Refactored the PoC consensus and transform modules required for artifact generation and verification.
Integrated PoC execution into the v1 engine by collective RPC and worker path so PoC requests could be processed by the runtime.

Outcome

PoC support was fully introduced into the 0.15.1 codebase with end-to-end server and runtime integration for continuous generation and artifact handling.

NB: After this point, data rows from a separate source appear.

Lemma frechet_has_inf : has_inf [set sup (deviation A B g) | g in @homeo01 R].
Proof.
split; first by exists (sup (deviation A B id)), id; first exact: homeo01_id.
exists 0 => _ [g /homeo01_wreparam[gI _ _] <-].
exact: le_trans (enorm_ge0 _) (deviation_le gI (@I01_0 R)).
Qed.

Lemma frechet_le_homeo g c : homeo01 g ->
  (forall x, I01 x -> en (A (g x) - B x) <= c) -> frechet A B <= c.
Proof.
move=> hg hc; apply: le_trans (_ : sup (deviation A B g) <= c).
  by apply: ge_inf; [case: frechet_has_inf | exists g].
apply: ge_sup; first by exists (en (A (g 0) - B 0)), 0; first exact: I01_0.
by move=> _ [x Ix <-]; apply: hc.
Qed.

Lemma frechet_approx c e : frechet A B <= c -> 0 < e ->
  exists2 g, homeo01 g & forall x, I01 x -> en (A (g x) - B x) <= c + e.
Proof.
move=> hf e_gt0; have [_ [g hg <-] lt_sup] := inf_adherent e_gt0 frechet_has_inf.
exists g => // x Ix; have [gI _ _] := homeo01_wreparam hg.
apply: le_trans (deviation_le gI Ix) _.
by apply/ltW/(lt_le_trans lt_sup); rewrite lerD2r.
Qed.

End Bounded.

Definition wclose A B (c : R) := forall e, 0 < e ->
  exists2 g, wreparam g & forall x, I01 x -> en (A (g x) - B x) <= c + e.

Lemma frechet_wclose A B c : bounded01 A -> bounded01 B ->
  frechet A B <= c -> wclose A B c.
Proof.
move=> bA bB hf e e_gt0; have [g hg close] := frechet_approx bA bB hf e_gt0.
by exists g => //; exact: homeo01_wreparam.
Qed.

Lemma frechet_wclose_sym A B c : bounded01 A -> bounded01 B ->
  frechet A B <= c -> wclose B A c.
Proof.
move=> bA bB hf e e_gt0; have [g hg close] := frechet_approx bA bB hf e_gt0.
have [h wh ghK] := homeo01_inverse hg; exists h => // y Iy.
by rewrite enorm_distC -{1}(ghK y Iy); apply/close/(wreparam_I01 wh).
Qed.

Lemma wclose_eq A A' B B' c : (forall x, I01 x -> A x = A' x) ->
  (forall x, I01 x -> B x = B' x) -> wclose A B c -> wclose A' B' c.
Proof.
move=> eqA eqB close e e_gt0; have [g wg le_ce] := close e e_gt0.
by exists g => // x Ix; rewrite -eqA -?eqB ?le_ce //; exact: wreparam_I01 wg Ix.
Qed.

Lemma wclose_trans A B C c1 c2 :
  wclose A B c1 -> wclose B C c2 -> wclose A C (c1 + c2).
Proof.
move=> close1 close2 e e_gt0; have e2_gt0 : 0 < e / 2 by rewrite divr_gt0.
have [g1 w1 le1] := close1 _ e2_gt0; have [g2 w2 le2] := close2 _ e2_gt0.
exists (g1 \o g2) => [|x Ix /=]; first exact: wreparam_comp.
apply: le_trans (enorm_distD _ (B (g2 x)) _) _.
by have := le1 _ (wreparam_I01 w2 Ix); have := le2 _ Ix; lra.
Qed.

(* A weak reparametrization [g] is turned into the homeomorphism
   [(1 - r) g + r id]; for a Lipschitz curve this costs at most [L r]. *)
Lemma wclose_frechet A B c L : bounded01 A -> bounded01 B -> 0 <= L ->
  lipschitz01 A L -> wclose A B c -> frechet A B <= c.
Proof.
move=> bA bB L_ge0 lipA close; apply/ler_addgt0Pr => e e_gt0.
have e2_gt0 : 0 < e / 2 by rewrite divr_gt0.
have [g wg le_ce] := close _ e2_gt0.
pose r := Num.min (1 / 2) (e / 2 / (L + 1)).
have L1_gt0 : 0 < L + 1 by rewrite ltr_pwDr.
have r_gt0 : 0 < r by rewrite lt_min divr_gt0 //= divr_gt0.
have r_lt1 : r < 1 by rewrite gt_min; apply/orP; left; lra.
have Lr : L * r <= e / 2.
  apply: (@le_trans _ _ ((L + 1) * r)); first by rewrite ler_wpM2r ?ltW //; lra.
  by rewrite mulrC -ler_pdivlMr // ge_min lexx orbT.
have r01 : 0 < r < 1 by rewrite r_gt0 r_lt1.
have hpsi := homeo01_perturb wg r01.
apply: (frechet_le_homeo bA bB hpsi) => x Ix.
have /andP[x0 x1] := Ix; have /andP[gx0 gx1] := wreparam_I01 wg Ix.
have [psiI _ _] := homeo01_wreparam hpsi.
apply: le_trans (enorm_distD _ (A (g x)) _) _.
have : en (A ((1 - r) * g x + r * x) - A (g x)) <= L * r.
  apply: le_trans (lipA _ _ (psiI x Ix) (wreparam_I01 wg Ix)) _.
  rewrite ler_wpM2l // (_ : _ - g x = r * (x - g x)); last by ring.
  rewrite normrM (ger0_norm (ltW r_gt0)) ler_piMr ?(ltW r_gt0) // ler_norml; lra.
by have := le_ce x Ix; lra.
Qed.

End FrechetComparison.

Section Gluing.
Variable R : realType.

Definition glue (a b : R) (g1 g2 : R -> R) (u : R) :=
  if u <= b then a * g1 (u / b) else a + (1 - a) * g2 ((u - b) / (1 - b)).

Variables (a b : R) (g1 g2 : R -> R).
Hypotheses (a_ge0 : 0 <= a) (a_le1 : a <= 1) (b_gt0 : 0 < b) (b_lt1 : b < 1).
Hypotheses (w1 : wreparam g1) (w2 : wreparam g2).
Local Notation g := (glue a b g1 g2).

Lemma glue_left u : u <= b -> g u = a * g1 (u / b).
Proof. by rewrite /glue => ->. Qed.

Lemma glue_right u : b <= u -> g u = a + (1 - a) * g2 ((u - b) / (1 - b)).
Proof.
rewrite /glue le_eqVlt => /orP[/eqP <-|bu]; last by rewrite leNgt bu.
by rewrite lexx divff ?gt_eqF // wreparam1 // subrr mul0r wreparam0 // mulr0 mulr1 addr0.
Qed.

Lemma glue_left_I01 u : I01 u -> u <= b -> I01 (u / b).
Proof.
move=> /andP[u0 _] ub; apply/andP; split; first by rewrite divr_ge0 // ltW.
by rewrite ler_pdivrMr // mul1r.
Qed.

- Add vllm/poc/ module with PoCConfig, PoCState, ProofBatch, ValidatedBatch - Add tests/poc/test_data.py with 12 unit tests - ValidatedBatch uses scipy binomtest for fraud detection - Update rules.md with phase completion workflow

- Add gpu_random.py with murmur3-based deterministic RNG - Portable across all GPU architectures (pure math operations) - Box-Muller transform for normal distribution - Argsort-based permutations (fully parallel on GPU) - All 6 tests passing

- Implemented deterministic GPU-native RNG using murmur3 hash - Added generate_inputs, generate_permutations, generate_target, compute_distances - Uses direct integer argsort for permutations (no float conversion) - Added stable=True for CPU/GPU cross-device reproducibility - 13 unit tests covering determinism, seed validation, cross-device matching - Updated documentation with performance notes and design decisions

- Add PoCManager for orchestrating PoC rounds with vLLM model - Add PoCCallbackSender for async callback delivery with retry logic - Add _create_prefill_attn_metadata() using PAD_SLOT_ID for forward context - Manager accepts vllm_config for set_forward_context integration - State machine: IDLE -> GENERATING -> VALIDATING -> STOPPED - 20 unit tests for state transitions, nonce generation, stats - Smoke test validates run_batch/validate with real Qwen3-0.6B model - TODO: Multistep inference with proper KV cache allocation - TODO: vLLM v1 API compatibility

… note, dedupe TODOs

Implements PoC API endpoints with proper distributed execution: API Endpoints: - POST /api/v1/pow/init - Initialize round - POST /api/v1/pow/init/generate - Init + start generating - POST /api/v1/pow/init/validate - Init + start validating - POST /api/v1/pow/phase/generate - Switch to generate - POST /api/v1/pow/phase/validate - Switch to validate - POST /api/v1/pow/stop - Stop round - GET /api/v1/pow/status - Get status - POST /api/v1/pow/validate - Validate nonces Key Changes: - Add worker_ops.py with PP coordination patterns - Update PoCManager to use model_executor.collective_rpc() - Add RPCPoCRequest/Response for multiprocessing mode - Add --enable-poc CLI flag - Add poc_request() to EngineClient protocol TP/PP Support: - Deterministic RNG on each worker (no tensor serialization) - PP coordination follows Worker.execute_model() patterns - Works with default multiprocessing mode Tests: - 67 unit tests passing - Smoke test with real model passing - ~380 nonces/sec with Qwen3-0.6B

Key changes: - Remove PoCCallbackSender class (vllm/poc/sender.py deleted) - Move callback logic to routes.py with asyncio.Queue for decoupling - Add run_batch_with_state() for efficient single-RPC generation loop - Fix validation flow: queue_validation now returns results with fraud detection - Update manager.validate() to track stats and detect fraud - Fix /validate endpoint to send callback with validation results - Update callback receiver script with /generated and /validated endpoints - Update docs: README.md (inference blocking deferred to Phase 6) - Update docs: phase-3-manager.md (correct collective_rpc approach) - Update tests for new API behavior E2E tested: generation → callbacks → validation → fraud detection

Key fixes: - Fix per-app callback state (replaced global _callback_url) - Remove dead validate action from engine.py - Add time-based progress logging (5s interval) - Use vLLM logger for consistent format - Add r_target to status/callback responses - Add computed_distances to validate response E2E testing: - New poc_e2e_test.py for full integration testing - Tests generation, restart validation, fraud detection - Supports multiple models (qwen, llama) - Model-specific r_target calibration (empirical) Bug fix: seq_len must match between generation and validation (default 256)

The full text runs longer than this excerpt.